START SOURCE MATERIAL

(* Every convex subset of $\mathbb{R}^2$ is closed-disk drawable.
   Context: For $A\subseteq\mathbb{R}^2$ let $N_{\le}(A)=\{x\in\mathbb{R}^2: |x-a|\le 1 \text{ for some } a\in A\}$. Let $\mathcal{D}_{\le,1}=\{N_{\le}(A_1): A_1\subseteq\mathbb{R}^2\}$ and for $n\ge 2$ let $\mathcal{D}_{\le,n}=\{D\cup N_{\le}(A_n): D\in\mathcal{D}_{\le,n-1}, A_n\subseteq\mathbb{R}^2\}$ if $n$ is odd and $\mathcal{D}_{\le,n}=\{D\setminus N_{\le}(A_n): D\in\mathcal{D}_{\le,n-1}, A_n\subseteq\mathbb{R}^2\}$ if $n$ is even. A set is closed-disk drawable if it lies in $\mathcal{D}_{\le}=\bigcup_{n\ge1}\mathcal{D}_{\le,n}$. *)

From Stdlib Require Import Reals.
Open Scope R_scope.

Definition pt := (R * R)%type.
Definition pset := pt -> Prop.

Definition dist2 (x a : pt) : R :=
  sqrt ((fst x - fst a)^2 + (snd x - snd a)^2).

Definition Nle (A : pset) : pset :=
  fun x => exists a, A a /\ dist2 x a <= 1.

(* Dle n S  :<->  S belongs to D_{<=,n}  (D_{<=,0} is empty; sets are
   compared extensionally). *)
Fixpoint Dle (n : nat) : pset -> Prop :=
  match n with
  | O => fun _ => False
  | S O => fun S0 => exists A : pset, forall x, S0 x <-> Nle A x
  | S m as k => fun S0 => exists (D A : pset), Dle m D /\
      (forall x, S0 x <->
         (if Nat.even k then (D x /\ ~ Nle A x) else (D x \/ Nle A x)))
  end.

Definition closed_disk_drawable (S0 : pset) : Prop :=
  exists n, (1 <= n)%nat /\ Dle n S0.

Definition convex (C : pset) : Prop :=
  forall x y t, C x -> C y -> 0 <= t <= 1 ->
    C (t * fst x + (1 - t) * fst y, t * snd x + (1 - t) * snd y).

(* A convex set C equals N(C) minus N(A), where A is the set of points at
   distance more than 1 from every point of C. A point x outside C is weakly separated from C by a
   line (C need not be closed): all of C lies in a closed half-plane whose
   boundary passes through x.
   The point at distance 1 from x along the outer unit normal is then at
   distance more than 1 from every point of C, so x lies in N(A). *)

From Stdlib Require Import Reals Lra Psatz Classical.
Open Scope R_scope.

Definition comb (t : R) (x y : pt) : pt :=
  (t * fst x + (1 - t) * fst y, t * snd x + (1 - t) * snd y).

Lemma convex_mem_comb (C : pset) x y t p1 p2 :
  convex C -> C x -> C y -> 0 <= t <= 1 ->
  p1 = t * fst x + (1 - t) * fst y -> p2 = t * snd x + (1 - t) * snd y ->
  C (p1, p2).
Proof. intros HC Hx Hy Ht -> ->. now apply HC. Qed.

Lemma convex_preimage (f : pt -> pt) (C : pset) :
  (forall t x y, f (comb t x y) = comb t (f x) (f y)) ->
  convex C -> convex (fun p => C (f p)).
Proof.
  intros Hf HC x y t Hx Hy Ht.
  change (C (f (comb t x y))). rewrite Hf. now apply HC.
Qed.

Lemma div_in_unit_interval a b : 0 <= a <= b -> 0 < b -> 0 <= a / b <= 1.
Proof.
  intros Hab Hb.
  assert (Hdiv : a / b * b = a) by (field; lra).
  split; nra.
Qed.

Lemma convex_axis_one_side (C : pset) :
  convex C -> ~ C (0, 0) ->
  (forall w, C (w, 0) -> 0 < w) \/ (forall w, C (w, 0) -> w < 0).
Proof.
  intros HC H0.
  destruct (classic (exists w, C (w, 0) /\ w < 0)) as [[w' [Hw' Hneg]]|Hnone].
  - right. intros w Hw.
    destruct (Rlt_or_le w 0) as [h|h]; [exact h|]. exfalso. apply H0.
    apply (convex_mem_comb C (w', 0) (w, 0) (w / (w - w'))); auto; simpl.
    + apply div_in_unit_interval; lra.
    + field. lra.
    + ring.
  - left. intros w Hw.
    destruct (Rtotal_order w 0) as [h|[h|h]]; [exfalso; eauto | subst; contradiction | exact h].
Qed.

Lemma convex_axis_crossing (C : pset) p1 p2 q1 q2 :
  convex C -> C (p1, p2) -> C (q1, q2) -> q2 < 0 < p2 ->
  C ((p2 * q1 - q2 * p1) / (p2 - q2), 0).
Proof.
  intros HC Hp Hq Hsides.
  apply (convex_mem_comb C (p1, p2) (q1, q2) (- q2 / (p2 - q2))); auto; simpl.
  - apply div_in_unit_interval; lra.
  - field. lra.
  - field. lra.
Qed.

Lemma convex_axis_pos_slope_le (C : pset) :
  convex C -> (forall w, C (w, 0) -> 0 < w) ->
  forall p1 p2 q1 q2, C (p1, p2) -> 0 < p2 -> C (q1, q2) -> q2 < 0 ->
  q1 / q2 <= p1 / p2.
Proof.
  intros HC Haxis p1 p2 q1 q2 Hp Hp2 Hq Hq2.
  assert (Hcross := Haxis _ (convex_axis_crossing C p1 p2 q1 q2 HC Hp Hq (conj Hq2 Hp2))).
  assert (Hdet : 0 < p2 * q1 - q2 * p1).
  { replace (p2 * q1 - q2 * p1) with ((p2 * q1 - q2 * p1) / (p2 - q2) * (p2 - q2))
      by (field; lra).
    apply Rmult_lt_0_compat; lra. }
  assert (Hdiff : p1 / p2 - q1 / q2 = (p2 * q1 - q2 * p1) / (p2 * - q2)) by (field; lra).
  assert (0 < (p2 * q1 - q2 * p1) / (p2 * - q2)) by (apply Rdiv_lt_0_compat; nra).
  lra.
Qed.

(* The separating line is p1 = lam * p2, where lam is the supremum of the
   ratios q1 / q2 over the points of C below the axis. *)
Lemma separate_origin_of_slopes (C : pset) :
  (forall w, C (w, 0) -> 0 < w) ->
  (forall p1 p2 q1 q2, C (p1, p2) -> 0 < p2 -> C (q1, q2) -> q2 < 0 ->
     q1 / q2 <= p1 / p2) ->
  exists u1 u2, (u1 <> 0 \/ u2 <> 0) /\
    forall p1 p2, C (p1, p2) -> p1 * u1 + p2 * u2 <= 0.
Proof.
  intros Haxis Hslope.
  destruct (classic (exists q1 q2, C (q1, q2) /\ q2 < 0)) as [[d1 [d2 [Hd Hd2]]]|Hbelow].
  2:{ exists 0, (-1). split; [right; lra|]. intros p1 p2 Hp.
      destruct (Rlt_or_le p2 0) as [h|h]; [exfalso; eauto | lra]. }
  destruct (classic (exists p1 p2, C (p1, p2) /\ 0 < p2)) as [[c1 [c2 [Hc Hc2]]]|Habove].
  2:{ exists 0, 1. split; [right; lra|]. intros p1 p2 Hp.
      destruct (Rlt_or_le 0 p2) as [h|h]; [exfalso; eauto | lra]. }
  set (E := fun r => exists q1 q2, C (q1, q2) /\ q2 < 0 /\ r = q1 / q2).
  destruct (completeness E) as [lam [Hub Hlub]].
  { exists (c1 / c2). intros r (q1 & q2 & Hq & Hq2 & ->). now apply Hslope. }
  { exists (d1 / d2), d1, d2. auto. }
  exists (-1), lam. split; [left; lra|].
  intros p1 p2 Hp.
  destruct (Rtotal_order p2 0) as [h|[h|h]].
  - assert (p1 / p2 <= lam) by (apply Hub; exists p1, p2; auto).
    assert (p2 * (p1 / p2) = p1) by (field; lra).
    nra.
  - subst. specialize (Haxis _ Hp). lra.
  - assert (lam <= p1 / p2).
    { apply Hlub. intros r (q1 & q2 & Hq & Hq2 & ->). now apply Hslope. }
    assert (p2 * (p1 / p2) = p1) by (field; lra).
    nra.
Qed.

Lemma convex_separate_origin_axis_pos (C : pset) :
  convex C -> (forall w, C (w, 0) -> 0 < w) ->
  exists u1 u2, (u1 <> 0 \/ u2 <> 0) /\
    forall p1 p2, C (p1, p2) -> p1 * u1 + p2 * u2 <= 0.
Proof.
  intros HC Haxis.
  apply separate_origin_of_slopes; [exact Haxis|].
  exact (convex_axis_pos_slope_le C HC Haxis).
Qed.

Lemma convex_separate_origin (C : pset) :
  convex C -> ~ C (0, 0) ->
  exists u1 u2, (u1 <> 0 \/ u2 <> 0) /\
    forall p1 p2, C (p1, p2) -> p1 * u1 + p2 * u2 <= 0.
Proof.
  intros HC H0.
  destruct (convex_axis_one_side C HC H0) as [Hpos|Hneg].
  - exact (convex_separate_origin_axis_pos C HC Hpos).
  - set (C' := fun p : pt => C (- fst p, snd p)).
    assert (HC' : convex C').
    { apply (convex_preimage (fun p => (- fst p, snd p))); [|exact HC].
      intros t x y. unfold comb; simpl. f_equal; ring. }
    destruct (convex_separate_origin_axis_pos C' HC') as [u1 [u2 [Hu Hsep]]].
    { intros w Hw. specialize (Hneg (- w) Hw). lra. }
    exists (- u1), u2. split; [destruct Hu; [left|right]; lra|].
    intros p1 p2 Hp.
    assert (Hp' : C' (- p1, p2)) by (unfold C'; simpl; now rewrite Ropp_involutive).
    specialize (Hsep _ _ Hp'). lra.
Qed.

Lemma convex_separate_point (C : pset) x1 x2 :
  convex C -> ~ C (x1, x2) ->
  exists e1 e2, e1 ^ 2 + e2 ^ 2 = 1 /\
    forall z1 z2, C (z1, z2) -> (z1 - x1) * e1 + (z2 - x2) * e2 <= 0.
Proof.
  intros HC Hx.
  set (C' := fun p : pt => C (fst p + x1, snd p + x2)).
  assert (HC' : convex C').
  { apply (convex_preimage (fun p => (fst p + x1, snd p + x2))); [|exact HC].
    intros t x y. unfold comb; simpl. f_equal; ring. }
  destruct (convex_separate_origin C' HC') as [u1 [u2 [Hu Hsep]]].
  { unfold C'; simpl. now rewrite !Rplus_0_l. }
  assert (Hpos : 0 < u1 ^ 2 + u2 ^ 2) by (destruct Hu; nra).
  set (n := sqrt (u1 ^ 2 + u2 ^ 2)).
  assert (Hn : 0 < n) by (apply sqrt_lt_R0; exact Hpos).
  assert (Hn2 : n * n = u1 ^ 2 + u2 ^ 2) by (apply sqrt_sqrt; lra).
  exists (u1 / n), (u2 / n). split.
  - field_simplify; [|lra]. rewrite <- Hn2. field. lra.
  - intros z1 z2 Hz.
    assert (Hz' : C' (z1 - x1, z2 - x2)).
    { unfold C'; simpl. now replace (z1 - x1 + x1) with z1 by ring;
        replace (z2 - x2 + x2) with z2 by ring. }
    specialize (Hsep _ _ Hz').
    replace ((z1 - x1) * (u1 / n) + (z2 - x2) * (u2 / n))
      with (((z1 - x1) * u1 + (z2 - x2) * u2) / n) by (field; lra).
    assert (0 < / n) by (apply Rinv_0_lt_compat; lra).
    unfold Rdiv. nra.
Qed.

Lemma dist2_refl x : dist2 x x = 0.
Proof.
  unfold dist2. replace ((fst x - fst x) ^ 2 + (snd x - snd x) ^ 2) with 0 by ring.
  apply sqrt_0.
Qed.

Lemma dist2_unit_shift x1 x2 e1 e2 :
  e1 ^ 2 + e2 ^ 2 = 1 -> dist2 (x1, x2) (x1 + e1, x2 + e2) = 1.
Proof.
  intros He. unfold dist2; cbn [fst snd].
  replace ((x1 - (x1 + e1)) ^ 2 + (x2 - (x2 + e2)) ^ 2) with (e1 ^ 2 + e2 ^ 2) by ring.
  now rewrite He, sqrt_1.
Qed.

Lemma dist2_gt1_across_line z1 z2 x1 x2 e1 e2 :
  e1 ^ 2 + e2 ^ 2 = 1 -> (z1 - x1) * e1 + (z2 - x2) * e2 <= 0 ->
  (z1, z2) <> (x1, x2) -> 1 < dist2 (z1, z2) (x1 + e1, x2 + e2).
Proof.
  intros He Hside Hne. unfold dist2; cbn [fst snd].
  assert (Hzx : 0 < (z1 - x1) ^ 2 + (z2 - x2) ^ 2).
  { rewrite <- !Rsqr_pow2.
    destruct (Req_dec (z1 - x1) 0) as [h1|h1].
    - assert (h2 : z2 - x2 <> 0) by (intros h2; apply Hne; f_equal; lra).
      pose proof (Rsqr_pos_lt _ h2). pose proof (Rle_0_sqr (z1 - x1)). lra.
    - pose proof (Rsqr_pos_lt _ h1). pose proof (Rle_0_sqr (z2 - x2)). lra. }
  rewrite <- sqrt_1. apply sqrt_lt_1; nra.
Qed.

Definition far (C : pset) : pset := fun y => forall z, C z -> 1 < dist2 z y.

Lemma Nle_far_of_not_mem (C : pset) x :
  convex C -> ~ C x -> Nle (far C) x.
Proof.
  destruct x as [x1 x2]. intros HC Hx.
  destruct (convex_separate_point C x1 x2 HC Hx) as [e1 [e2 [He Hsep]]].
  exists (x1 + e1, x2 + e2). split.
  - intros [z1 z2] Hz. apply dist2_gt1_across_line; auto.
    intros Heq. rewrite Heq in Hz. contradiction.
  - rewrite dist2_unit_shift by exact He. lra.
Qed.

Lemma convex_eq_Nle_minus_Nle_far (C : pset) :
  convex C -> forall x, C x <-> Nle C x /\ ~ Nle (far C) x.
Proof.
  intros HC x. split.
  - intros Hx. split.
    + exists x. rewrite dist2_refl. split; [exact Hx | lra].
    + intros [a [Ha Hd]]. specialize (Ha _ Hx). lra.
  - intros [_ Hfar]. apply NNPP. intros Hx.
    exact (Hfar (Nle_far_of_not_mem C x HC Hx)).
Qed.

Theorem theorem2p4 : forall C : pset, convex C -> closed_disk_drawable C.
Proof.
  intros C HC. exists 2%nat. split; [auto|]. simpl.
  exists (Nle C), (far C). split.
  - exists C. tauto.
  - exact (convex_eq_Nle_minus_Nle_far C HC).
Qed.
(* Let $G=(V,E)$ be a strongly connected digraph and $s\in V$. Let $e=(u,v)\in E$ with $T(u)\neq T(v)$, and let $r_v$ be the root of $T(v)$. Then either $u=d(v)$ and $e$ is a bridge of $G(s)$, or $u$ is a proper descendant of $r_v$ in $D(s)$.
   Context: For a digraph $G=(V,E)$ and $s\in V$ with every vertex reachable from $s$, $G(s)$ is the flow graph with start vertex $s$; $u$ dominates $w$ if every path from $s$ to $w$ contains $u$; the dominator tree $D(s)$ is the rooted tree on $V$ with root $s$ in which $u$ is an ancestor of $w$ iff $u$ dominates $w$; $d(w)$ is the parent of $w\neq s$. An edge $(u,w)$ is a bridge of $G(s)$ if every path from $s$ to $w$ contains it (then $u=d(w)$). A vertex $w\neq s$ is marked if $(d(w),w)$ is a bridge of $G(s)$. Deleting from $D(s)$ all edges $(d(w),w)$ with $w$ marked decomposes $D(s)$ into a forest of subtrees, each rooted at $s$ or at a marked vertex; $T(v)$ denotes the subtree containing $v$, and $r_v$ its root. *)

From mathcomp Require Import all_boot.
Set Implicit Arguments. Unset Strict Implicit. Unset Printing Implicit Defensive.

Section Dom.
Variables (V : finType) (E : rel V) (s : V).

Definition spath (p : seq V) (w : V) : Prop := path E s p /\ last s p = w.

Definition dominates (u w : V) : Prop :=
  forall p, spath p w -> u \in s :: p.

Definition path_edges (p : seq V) : seq (V * V) := zip (s :: p) p.

Definition bridge (u w : V) : Prop :=
  E u w /\ forall p, spath p w -> (u, w) \in path_edges p.

(* d w = x: x is the parent of w <> s in the dominator tree D(s),
   i.e. the immediate dominator of w. *)
Definition idom (x w : V) : Prop :=
  w <> s /\ dominates x w /\ x <> w /\
  forall y, dominates y w -> y <> w -> dominates y x.

Definition marked (w : V) : Prop :=
  w <> s /\ exists x, idom x w /\ bridge x w.

(* r is the root r_v of the subtree T(v): r is an ancestor of v in D(s)
   (i.e. r dominates v), r is s or marked, and no marked vertex lies on
   the D(s)-path strictly between r and v (every marked ancestor of v is
   an ancestor of r). *)
Definition tree_root (v r : V) : Prop :=
  dominates r v /\ (r = s \/ marked r) /\
  forall x, marked x -> dominates x v -> dominates x r.

End Dom.

(* If r_v does not dominate u, some path from s to u avoids r_v; extending it by
   the edge (u,v) gives a path to v, which must pass through the dominator r_v,
   so r_v = v.  Then v <> s, so v is marked, and the bridge (d(v),v) lies on
   this path; as v does not occur before its last vertex, d(v) = u.  Finally
   u = r_v is impossible, since a root of a subtree is the root of its own
   subtree, which would give r_u = r_v. *)

From Stdlib Require Import Classical.
From mathcomp Require Import all_boot.

Set Implicit Arguments.
Unset Strict Implicit.
Unset Printing Implicit Defensive.

Lemma zip_rcons_edge_last (T : eqType) (a x v : T) (p : seq T) :
  v \notin p -> (x, v) \in zip (a :: rcons p v) (rcons p v) -> x = last a p.
Proof.
elim: p a => [|b p IHp] a /=; first by rewrite inE => _ /eqP [].
rewrite !in_cons negb_or => /andP [vNb vNp] /orP [/eqP [_ vb]|]; last exact: IHp.
by rewrite vb eqxx in vNb.
Qed.

Section Dominators.
Variables (V : finType) (E : rel V) (s : V).

Lemma spath_rcons p u v : spath E s p u -> E u v -> spath E s (rcons p v) v.
Proof. by case=> Ep lastp Euv; rewrite /spath rcons_path Ep lastp Euv last_rcons. Qed.

Lemma dominates_refl w : dominates E s w w.
Proof. by move=> p [_ <-]; apply: mem_last. Qed.

Lemma dominates_start y : dominates E s y s -> y = s.
Proof. by move/(_ [::] (conj isT erefl)); rewrite inE => /eqP. Qed.

Lemma not_dominates_path y w :
  ~ dominates E s y w -> exists p, spath E s p w /\ y \notin s :: p.
Proof.
move=> Ndom; apply: NNPP => Nex; apply: Ndom => p spw.
by apply/negPn/negP => yNp; apply: Nex; exists p.
Qed.

(* A shortest path from s to a passes through b; cutting it at b gives a path
   to b avoiding a, unless a = b. *)
Lemma dominates_antisym a b :
  connect E s a -> dominates E s a b -> dominates E s b a -> a = b.
Proof.
move=> /connectP [p0 Ep0 lastp0] dom_ab dom_ba.
case: (shortenP Ep0) lastp0 => p Ep uniqp _ lastp.
have /dom_ba := conj Ep (esym lastp).
rewrite in_cons => /orP [/eqP bs|].
  by move: dom_ab; rewrite bs => /dominates_start.
move=> bp; case/splitPr: bp Ep uniqp lastp => p1 p2.
rewrite cat_path -cat_cons cat_uniq => /andP [Ep1 /andP [Eb _]] /and3P [_ disj _].
rewrite last_cat /= => lastp.
have /dom_ab : spath E s (rcons p1 b) b.
  by rewrite /spath rcons_path Ep1 Eb last_rcons.
rewrite -rcons_cons mem_rcons in_cons => /orP [/eqP // | ap1].
by case/hasP: disj; exists a; rewrite // lastp mem_last.
Qed.

Lemma tree_root_of_root u ru :
  connect E s ru -> tree_root E s u ru -> u = s \/ marked E s u -> ru = u.
Proof.
move=> s_ru [dom_ru_u [_ maxr]] [us | mu].
  by move: dom_ru_u; rewrite us => /dominates_start.
exact: dominates_antisym s_ru dom_ru_u (maxr u mu (@dominates_refl u)).
Qed.

End Dominators.

Theorem mainTheorem6 (V : finType) (E : rel V) (s : V)
  (Hsc : forall x y : V, connect E x y)
  (u v : V) (He : E u v) (ru rv : V)
  (Hru : tree_root E s u ru) (Hrv : tree_root E s v rv)
  (Hneq : ru <> rv) :
  (idom E s u v /\ bridge E s u v) \/
  (dominates E s rv u /\ u <> rv).
Proof.
case: Hrv => dom_rv_v [root_rv _].
have u_neq_rv : u <> rv.
  move=> urv; apply: Hneq; rewrite urv in Hru root_rv *.
  exact: tree_root_of_root (Hsc s ru) Hru root_rv.
have [dom_rv_u | /not_dominates_path [p [spu rvNp]]] := classic (dominates E s rv u).
  by right.
have spv := spath_rcons spu He.
have rv_v : rv = v.
  move: (dom_rv_v _ spv) rvNp.
  by rewrite -rcons_cons mem_rcons in_cons => /orP [/eqP | ->].
subst rv; left.
case: root_rv => [vs | [_ [x [idom_xv bridge_xv]]]].
  by rewrite vs mem_head in rvNp.
have vNp : v \notin p by apply: contra rvNp; rewrite in_cons orbC => ->.
have := zip_rcons_edge_last vNp (bridge_xv.2 _ spv).
by case: spu => _ -> <-.
Qed.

END SOURCE MATERIAL

REQUIRED WORK:
Using the data above, extract exactly the lines from the one that holds "exists (u1 / n), (u2 / n). split." to the one that holds "destruct (Req_dec (z1", both ends included, and no others.

EXPECTED OUTPUT:
  exists (u1 / n), (u2 / n). split.
  - field_simplify; [|lra]. rewrite <- Hn2. field. lra.
  - intros z1 z2 Hz.
    assert (Hz' : C' (z1 - x1, z2 - x2)).
    { unfold C'; simpl. now replace (z1 - x1 + x1) with z1 by ring;
        replace (z2 - x2 + x2) with z2 by ring. }
    specialize (Hsep _ _ Hz').
    replace ((z1 - x1) * (u1 / n) + (z2 - x2) * (u2 / n))
      with (((z1 - x1) * u1 + (z2 - x2) * u2) / n) by (field; lra).
    assert (0 < / n) by (apply Rinv_0_lt_compat; lra).
    unfold Rdiv. nra.
Qed.

Lemma dist2_refl x : dist2 x x = 0.
Proof.
  unfold dist2. replace ((fst x - fst x) ^ 2 + (snd x - snd x) ^ 2) with 0 by ring.
  apply sqrt_0.
Qed.

Lemma dist2_unit_shift x1 x2 e1 e2 :
  e1 ^ 2 + e2 ^ 2 = 1 -> dist2 (x1, x2) (x1 + e1, x2 + e2) = 1.
Proof.
  intros He. unfold dist2; cbn [fst snd].
  replace ((x1 - (x1 + e1)) ^ 2 + (x2 - (x2 + e2)) ^ 2) with (e1 ^ 2 + e2 ^ 2) by ring.
  now rewrite He, sqrt_1.
Qed.

Lemma dist2_gt1_across_line z1 z2 x1 x2 e1 e2 :
  e1 ^ 2 + e2 ^ 2 = 1 -> (z1 - x1) * e1 + (z2 - x2) * e2 <= 0 ->
  (z1, z2) <> (x1, x2) -> 1 < dist2 (z1, z2) (x1 + e1, x2 + e2).
Proof.
  intros He Hside Hne. unfold dist2; cbn [fst snd].
  assert (Hzx : 0 < (z1 - x1) ^ 2 + (z2 - x2) ^ 2).
  { rewrite <- !Rsqr_pow2.
    destruct (Req_dec (z1 - x1) 0) as [h1|h1].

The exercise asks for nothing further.